For some customers, ‘purchase now, pay later’ loans could possibly be a option to keep away from even riskier bank card debt.
“In a means, if one is disciplined, ‘purchase now pay later’ might assist folks mitigate these 20 per cent bank card rates of interest,” Ho mentioned.
In line with an Equifax report launched Monday, 1.4 million Canadians missed bank card funds in April, Could and June of 2025. Whereas that’s 7,000 fewer than final quarter, it’s 118,000 greater than in the identical interval final 12 months.
“’Purchase now, pay later,’ if it’s used very, very strictly, isn’t a foul product. It permits somebody to interrupt up a fee into equal funds. It’d enable somebody to delay a fee and even get (one thing on) zero per cent curiosity,” Oleksy mentioned.

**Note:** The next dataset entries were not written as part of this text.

(* Fix $0<q<1$. For every $G\in\mathcal G$ with $G\ne E$, the equation $\bar G(t)=\frac1q\bar E(t)$ has a unique solution $t\in[0,\infty)$; this solution equals $T_q(G)$.
   Context: $E(t)=1-e^{-t}$ is the standard exponential cdf, $\bar E=1-E$, $\bar G=1-G$. $\mathcal G=\{E\#F:F$ a probability distribution on $[1,\infty)\}$, where $(E\#F)(t)=\int E(t/\mu)\,dF(\mu)$ (scale mixtures of exponentials with scales $\ge1$). FDR functional: $T_q(G)=\inf\{t:\bar G(t)\ge\frac1q\bar E(t)\}$. *)

From HB Require Import structures.
From mathcomp Require Import all_boot all_order all_algebra.
From mathcomp Require Import all_classical all_reals all_analysis.
Set Implicit Arguments. Unset Strict Implicit. Unset Printing Implicit Defensive.
Import Order.TTheory GRing.Theory Num.Theory.
Local Open Scope classical_set_scope.
Local Open Scope ring_scope.

Definition Ecdf {R : realType} (t : R) : R := 1 - expR (- t).
Definition Ebar {R : realType} (t : R) : R := 1 - Ecdf t.

(* scale mixture (E # F)(t) = \int E(t/mu) dF(mu), F a probability measure on R
   (concentrated on [1,oo[ by hypothesis in the theorem) *)
Definition mixcdf {R : realType} (F : probability R R) (t : R) : R :=
  Rintegral F setT (fun mu => Ecdf (t / mu)).

Definition survival {R : realType} (G : R -> R) (t : R) : R := 1 - G t.

Definition Tq {R : realType} (q : R) (G : R -> R) : R :=
  inf [set t : R | q^-1 * Ebar t <= survival G t].

From HB Require Import structures.
From mathcomp Require Import all_boot all_order all_algebra.
From mathcomp Require Import all_classical all_reals all_analysis.
From mathcomp Require Import measurable_realfun ring lra.
Import Order.TTheory GRing.Theory Num.Theory.
Import numFieldNormedType.Exports.
Local Open Scope classical_set_scope.
Local Open Scope ring_scope.

(* Write a(mu) = 1 - 1/mu, which lies in [0, 1] for mu >= 1.  Since
   exp(-t/mu) = exp(-t) exp(t a(mu)), the survival function of G = E # F
   factors as Gbar(t) = Ebar(t) H(t) with H(t) = \int exp(t a(mu)) dF(mu), so
   the equation Gbar = Ebar/q reads H(t) = 1/q.  H is continuous and
   nondecreasing with H(0) = 1, and on [0, +oo[ it increases at least with
   slope m = \int a dF, which is positive unless a = 0 F-a.e., i.e. unless
   G = E.  Hence H crosses the level 1/q > 1 exactly once, at some t > 0, and
   {s | H(s) >= 1/q} = [t, +oo[, whose infimum T_q(G) is therefore t. *)

Lemma measurable_invr (R : realType) : measurable_fun [set: R] (@GRing.inv R).
Proof.
have -> : [set: R] = [set 0] `|` [set x | x != 0].
  by apply/seteqP; split => x //= _; case: (eqVneq x 0); [left|right].
apply/measurable_funU => //; first by apply: open_measurable; exact: open_neq.
split; first exact: measurable_fun_set1.
apply: open_continuous_measurable_fun; first exact: open_neq.
by move=> x; rewrite inE => x0; exact: inv_continuous.
Qed.

Lemma expRM_sub_ge (R : realType) (s t a : R) : 0 <= s <= t -> 0 <= a ->
  (t - s) * a <= expR (t * a) - expR (s * a).
Proof.
move=> /andP[s0 st] a0; set d := (t - s) * a.
have d0 : 0 <= d by rewrite mulr_ge0 // subr_ge0.
have -> : expR (t * a) - expR (s * a) = expR (s * a) * (expR d - 1).
  by rewrite mulrBr mulr1 -expRD /d; congr (expR _ - _); ring.
rewrite -[leLHS]mul1r ler_pM //; first by rewrite -expR0 ler_expR mulr_ge0.
by rewrite lerBrDl expR_ge1Dx.
Qed.

Lemma expRM_sub_le (R : realType) (s t a : R) : s <= t -> 0 <= a <= 1 ->
  expR (t * a) - expR (s * a) <= expR `|t| * (t - s).
Proof.
move=> st /andP[a0 a1]; set d := (t - s) * a.
have d0 : 0 <= d by rewrite mulr_ge0 // subr_ge0.
have -> : expR (t * a) - expR (s * a) = expR (t * a) * (1 - expR (- d)).
  by rewrite mulrBr mulr1 -expRD /d; congr (_ - expR _); ring.
rewrite ler_pM ?expR_ge0 //.
- by rewrite subr_ge0 expR_le1 oppr_le0.
- rewrite ler_expR (le_trans (ler_norm _)) // normrM (ger0_norm a0).
  by rewrite ler_piMr.
- have : d <= t - s by rewrite /d ler_piMr // subr_ge0.
  by have := expR_ge1Dx (- d); lra.
Qed.

Lemma continuous_nondecreasing_slope_le (R : realType) (H : R -> R) :
  {homo H : s t / s <= t} ->
  (forall s t, s <= t -> H t - H s <= expR `|t| * (t - s)) ->
  continuous H.
Proof.
move=> H_homo H_slope x; apply/cvgrPdist_le => e e_gt0.
pose K := expR (`|x| + 1).
have K_gt0 : 0 < K := expR_gt0 _.
have lipK y : `|x - y| < 1 -> `|H x - H y| <= K * `|x - y|.
  move=> xy1; case: (leP y x) => [yx|/ltW xy].
    rewrite !ger0_norm ?subr_ge0 ?H_homo //.
    apply: le_trans (H_slope _ _ yx) _; rewrite ler_wpM2r ?subr_ge0 //.
    by rewrite ler_expR lerDl.
  rewrite distrC [`|x - y|]distrC !ger0_norm ?subr_ge0 ?H_homo //.
  apply: le_trans (H_slope _ _ xy) _; rewrite ler_wpM2r ?subr_ge0 // ler_expR.
  have := ler_normD x (y - x); rewrite addrC subrK distrC; lra.
apply/nbhs_ballP; exists (Num.min 1 (e / K)) => /=.
  by rewrite lt_min ltr01 divr_gt0.
move=> y; rewrite /ball /= lt_min => /andP[xy1 xyK].
apply: le_trans (lipK _ xy1) _.
by rewrite mulrC -ler_pdivlMr // ltW.
Qed.

Section LevelCrossing.
Context {R : realType} {H : R -> R} {m : R}.
Hypothesis H_cont : continuous H.
Hypothesis H0 : H 0 = 1.
Hypothesis H_homo : {homo H : s t / s <= t}.
Hypothesis m_gt0 : 0 < m.
Hypothesis H_slope : forall s t, 0 <= s -> s <= t -> (t - s) * m <= H t - H s.

Lemma level_crossing c : 1 <= c -> exists2 t, 0 <= t & H t = c.
Proof.
move=> c_ge1; pose T := (c - 1) / m.
have T_ge0 : 0 <= T by rewrite divr_ge0 ?subr_ge0 // ltW.
have HT : c <= H T.
  by have := H_slope _ _ (lexx 0) T_ge0; rewrite subr0 H0 /T divfK ?gt_eqF //; lra.
have [|t] := @IVT _ H 0 T c T_ge0 (continuous_subspaceT H_cont).
  by rewrite H0 ge_min c_ge1 le_max HT orbT.
by rewrite in_itv /= => /andP[t_ge0 _]; exists t.
Qed.

Lemma superlevel_setE c t : 1 < c -> H t = c -> [set s | c <= H s] = `[t, +oo[%classic.
Proof.
move=> c_gt1 Ht; apply/seteqP; split => s /=; rewrite in_itv /= andbT; last first.
  by move=> ts; rewrite -Ht H_homo.
move=> c_le_Hs; rewrite leNgt; apply/negP => st.
case: (leP 0 s) => [s_ge0|s_lt0].
  have : 0 < (t - s) * m by rewrite mulr_gt0 ?subr_gt0.
  by have := H_slope _ _ s_ge0 (ltW st); lra.
by have := H_homo _ _ (ltW s_lt0); rewrite H0; lra.
Qed.

Lemma level_unique c s t : 1 < c -> H s = c -> H t = c -> s = t.
Proof.
move=> c_gt1 Hs Ht.
have le_level u v : H u = c -> H v = c -> v <= u.
  move=> Hu Hv; have : [set w | c <= H w] u by rewrite /= Hu.
  by rewrite (superlevel_setE _ _ c_gt1 Hv) /= in_itv /= andbT.
by apply/eqP; rewrite eq_le !le_level.
Qed.
End LevelCrossing.

Section Rate.
Context {R : realType}.

Lemma Ebar_expR (t : R) : Ebar t = expR (- t).
Proof. by rewrite /Ebar /Ecdf subKr. Qed.

Lemma Ebar_gt0 (t : R) : 0 < Ebar t.
Proof. by rewrite Ebar_expR expR_gt0. Qed.

(* F is concentrated on [1, +oo[, so replacing mu by max mu 1 changes no
   F-integral, while it makes the rate bounded in [0, 1] everywhere. *)
Definition clamp1 (mu : R) : R := Num.max mu 1.

Definition rate (mu : R) : R := 1 - (clamp1 mu)^-1.

Lemma clamp1_ge1 mu : 1 <= clamp1 mu.
Proof. by rewrite le_max lexx orbT. Qed.

Lemma clamp1_gt0 mu : 0 < clamp1 mu.
Proof. exact: lt_le_trans ltr01 (clamp1_ge1 mu). Qed.

Lemma measurable_clamp1 : measurable_fun [set: R] clamp1.
Proof. exact: measurable_maxr. Qed.

Lemma rate_ge0 mu : 0 <= rate mu.
Proof. by rewrite subr_ge0 invf_le1 ?clamp1_gt0 ?clamp1_ge1. Qed.

Lemma rate_le1 mu : rate mu <= 1.
Proof. by rewrite lerBlDr lerDl invr_ge0 ltW ?clamp1_gt0. Qed.

Lemma measurable_rate : measurable_fun [set: R] rate.
Proof.
apply: measurable_funB => //.
exact: measurableT_comp (@measurable_invr R) measurable_clamp1.
Qed.

Lemma norm_mulr_rate_le t mu : `|t * rate mu| <= `|t|.
Proof. by rewrite normrM (ger0_norm (rate_ge0 mu)) ler_piMr ?rate_le1. Qed.

Lemma expR_mulr_rate_le t mu : expR (t * rate mu) <= expR `|t|.
Proof. by rewrite ler_expR (le_trans (ler_norm _)) ?norm_mulr_rate_le. Qed.

Lemma measurable_expR_mulr_rate t :
  measurable_fun [set: R] (fun mu => expR (t * rate mu)).
Proof.
apply: measurableT_comp; first exact: measurable_expR.
exact: measurable_funM measurable_rate.
Qed.

End Rate.

Section ScaleMixture.
Context {R : realType} (F : probability R R).

Lemma bounded_integrable (g : R -> R) (K : R) : measurable_fun [set: R] g ->
  (forall x, `|g x| <= K) -> F.-integrable [set: R] (EFin \o g).
Proof.
move=> mg gK; apply: measurable_bounded_integrable => //.
  by have := probability_setT F => /= ->; rewrite ltry.
exists K; split; first exact: num_real.
by move=> M KM x _; exact: le_trans (gK x) (ltW KM).
Qed.

Lemma Rintegral_cst_prob (k : R) : \int[F]_(x in [set: R]) k = k.
Proof.
by rewrite Rintegral_cst //; have := probability_setT F => /= ->; rewrite mulr1.
Qed.

Lemma integrable_rate : F.-integrable [set: R] (EFin \o @rate R).
Proof.
apply: (@bounded_integrable _ (1)); first exact: measurable_rate.
by move=> x; rewrite ger0_norm ?rate_ge0 ?rate_le1.
Qed.

Lemma integrable_expR_mulr_rate t :
  F.-integrable [set: R] (EFin \o (fun mu => expR (t * rate mu))).
Proof.
apply: (@bounded_integrable _ (expR `|t|)); first exact: measurable_expR_mulr_rate.
by move=> x; rewrite ger0_norm ?expR_ge0 ?expR_mulr_rate_le.
Qed.

Definition mgf_rate (t : R) : R := \int[F]_(mu in [set: R]) expR (t * rate mu).

Definition mean_rate : R := \int[F]_(mu in [set: R]) rate mu.

Lemma mgf_rate0 : mgf_rate 0 = 1.
Proof.
rewrite /mgf_rate; under eq_Rintegral do rewrite mul0r expR0.
exact: Rintegral_cst_prob.
Qed.

Lemma mgf_rate_nondecreasing : {homo mgf_rate : s t / s <= t}.
Proof.
move=> s t st; apply: le_Rintegral => //; try exact: integrable_expR_mulr_rate.
by move=> x _; rewrite ler_expR ler_wpM2r ?rate_ge0.
Qed.

Lemma mgf_rateB s t : mgf_rate t - mgf_rate s =
  \int[F]_(mu in [set: R]) (expR (t * rate mu) - expR (s * rate mu)).
Proof. by rewrite RintegralB //; exact: integrable_expR_mulr_rate. Qed.

Lemma integrable_expR_mulr_rateB s t : F.-integrable [set: R]
  (EFin \o (fun mu => expR (t * rate mu) - expR (s * rate mu))).
Proof.
exact: integrableB (integrable_expR_mulr_rate t) (integrable_expR_mulr_rate s).
Qed.

Lemma mgf_rate_slope_ge s t : 0 <= s -> s <= t ->
  (t - s) * mean_rate <= mgf_rate t - mgf_rate s.
Proof.
move=> s_ge0 st; rewrite mgf_rateB /mean_rate.
rewrite -RintegralZl //; last exact: integrable_rate.
apply: le_Rintegral => //.
- exact: integrableZl integrable_rate.
- exact: integrable_expR_mulr_rateB.
by move=> x _; rewrite expRM_sub_ge ?s_ge0 ?rate_ge0.
Qed.

Lemma mgf_rate_slope_le s t : s <= t ->
  mgf_rate t - mgf_rate s <= expR `|t| * (t - s).
Proof.
move=> st; rewrite mgf_rateB -[leRHS]Rintegral_cst_prob.
apply: le_Rintegral => //; first exact: integrable_expR_mulr_rateB.
  exact: (@bounded_integrable _ (`|expR `|t| * (t - s)|)).
by move=> x _; rewrite expRM_sub_le ?rate_ge0 ?rate_le1.
Qed.

Lemma mgf_rate_continuous : continuous mgf_rate.
Proof.
exact: continuous_nondecreasing_slope_le mgf_rate_nondecreasing mgf_rate_slope_le.
Qed.

Lemma measurable_Ecdf_div t : measurable_fun [set: R] (fun mu => Ecdf (t / mu)).
Proof.
apply: measurable_funB => //; apply: measurableT_comp; first exact: measurable_expR.
apply: measurableT_comp => //.
exact: measurable_funM (@measurable_invr R).
Qed.

Hypothesis F_support : F `[1, +oo[%classic = 1%E.

Lemma Rintegral_clamp1 (f : R -> R) : measurable_fun [set: R] f ->
  \int[F]_(mu in [set: R]) f mu = \int[F]_(mu in [set: R]) f (clamp1 mu).
Proof.
move=> mf; have F_null : F (~` `[1, +oo[%classic) = 0%E.
  by rewrite probability_setC // F_support subee.
congr fine; apply: ae_eq_integral => //.
- exact/measurable_EFinP.
- apply/measurable_EFinP; exact: measurableT_comp mf measurable_clamp1.
exists (~` `[1, +oo[%classic); split.
- exact: measurableC.
- exact: F_null.
move=> mu /= + mu_ge1; apply => _.
by move: mu_ge1; rewrite /clamp1 /= in_itv /= andbT => /max_idPl ->.
Qed.

Lemma survival_mixcdf t : survival (mixcdf F) t = Ebar t * mgf_rate t.
Proof.
rewrite /survival /mixcdf (Rintegral_clamp1 _ (measurable_Ecdf_div t)).
have -> : (fun mu => Ecdf (t / clamp1 mu)) =
          (fun mu => 1 - Ebar t * expR (t * rate mu)).
  apply/funext => mu; rewrite /Ecdf Ebar_expR -expRD /rate.
  by congr (1 - expR _); ring.
rewrite RintegralB //; last 2 first.
- by apply: (@bounded_integrable _ 1) => // _; rewrite normr1.
- exact: integrableZl (integrable_expR_mulr_rate t).
by rewrite RintegralZl ?integrable_expR_mulr_rate // Rintegral_cst_prob subKr.
Qed.

Lemma ae_eq_rate0 : mean_rate = 0 -> ae_eq F [set: R] (EFin \o rate) (cst 0%E).
Proof.
move=> mean0; apply/(ae_eq_integral_abs _ measurableT).
  by apply/measurable_EFinP; exact: measurable_rate.
transitivity (\int[F]_mu (rate mu)%:E)%E.
  by apply: eq_integral => mu _ /=; rewrite ger0_norm ?rate_ge0.
rewrite -(fineK (integrable_fin_num measurableT integrable_rate)).
by move: mean0; rewrite /mean_rate /Rintegral => ->.
Qed.

Lemma mean_rate_gt0 : mixcdf F <> Ecdf -> 0 < mean_rate.
Proof.
move=> GneE; rewrite lt_def Rintegral_ge0 ?andbT; last by move=> mu _; exact: rate_ge0.
apply/eqP => /ae_eq_rate0 rate_ae0; apply: GneE; apply/funext => t.
rewrite /mixcdf (Rintegral_clamp1 _ (measurable_Ecdf_div t)).
rewrite -[RHS]Rintegral_cst_prob; congr fine; apply: ae_eq_integral => //.
  apply/measurable_EFinP.
  exact: measurableT_comp (measurable_Ecdf_div t) measurable_clamp1.
apply: filterS rate_ae0 => mu /(_ I) [] /eqP + _.
by rewrite subr_eq0 => /eqP <-; rewrite mulr1.
Qed.

End ScaleMixture.

Theorem lemma4p1 (R : realType) (q : R) (F : probability R R) :
  0 < q < 1 ->
  F `[1, +oo[%classic = 1%E ->
  mixcdf F <> Ecdf ->
  exists t : R,
    [/\ 0 <= t,
        survival (mixcdf F) t = q^-1 * Ebar t,
        (forall s : R, 0 <= s -> survival (mixcdf F) s = q^-1 * Ebar s -> s = t)
      & t = Tq q (mixcdf F)].
Proof.
move=> /andP[q_gt0 q_lt1] F_support GneE.
have c_gt1 : 1 < q^-1 by rewrite invf_gt1.
have H0 := mgf_rate0 F; have H_homo := mgf_rate_nondecreasing F.
have H_slope := mgf_rate_slope_ge F; have m_gt0 := mean_rate_gt0 F F_support GneE.
have levelE s : survival (mixcdf F) s = q^-1 * Ebar s <-> mgf_rate F s = q^-1.
  rewrite (survival_mixcdf F F_support) [q^-1 * _]mulrC.
  by split=> [/(mulfI (lt0r_neq0 (Ebar_gt0 s)))|->].
have superlevelE : [set s | q^-1 * Ebar s <= survival (mixcdf F) s] =
                   [set s | q^-1 <= mgf_rate F s].
  apply/seteqP; split=> s /=;
    by rewrite (survival_mixcdf F F_support) [q^-1 * _]mulrC ler_pM2l ?Ebar_gt0.
have [t t_ge0 Ht] :=
  level_crossing (mgf_rate_continuous F) H0 m_gt0 H_slope _ (ltW c_gt1).
exists t; split=> //.
- exact/levelE.
- move=> s _ /levelE Hs.
  exact: level_unique H0 H_homo m_gt0 H_slope _ _ _ c_gt1 Hs Ht.
rewrite /Tq superlevelE.
by rewrite (superlevel_setE H0 H_homo m_gt0 H_slope _ _ c_gt1 Ht) inf_itv.
Qed.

Maintaining the ‘purchase now, pay later’ choice just for greater purchases can assist mitigate the dangers, she added.
“Most of us don’t have $1,500 or $2,000 to only drop on a laptop computer. So possibly you break it up into 4 funds and that simply makes it simpler. And you continue to get what you want for work, faculty or life. It’s simply when it turns into a behavior, if you’re counting on it for the small day-to-day purchases, that’s the place I begin to fear,” she added.

With the brand new faculty time period beginning in a number of weeks, dad and mom and college students throughout the nation will probably be heading to shops for back-to-school procuring. Planning forward of time, as a substitute of dipping into ‘purchase now, pay later’ loans, can assist relieve the monetary stress that comes with repayments.
“We all know that back-to-school is an annual occasion when you might have school-age youngsters. So it’s not a shock that this occasion is arising. And like with the rest, planning prematurely is vital,” Ho mentioned, urging dad and mom to start out squirrelling away cash forward of time to spend in August or September.
Shopping for some faculty provides second-hand or used is also a fantastic choice, she added.
“Don’t spend cash that you just don’t have,” Ho mentioned.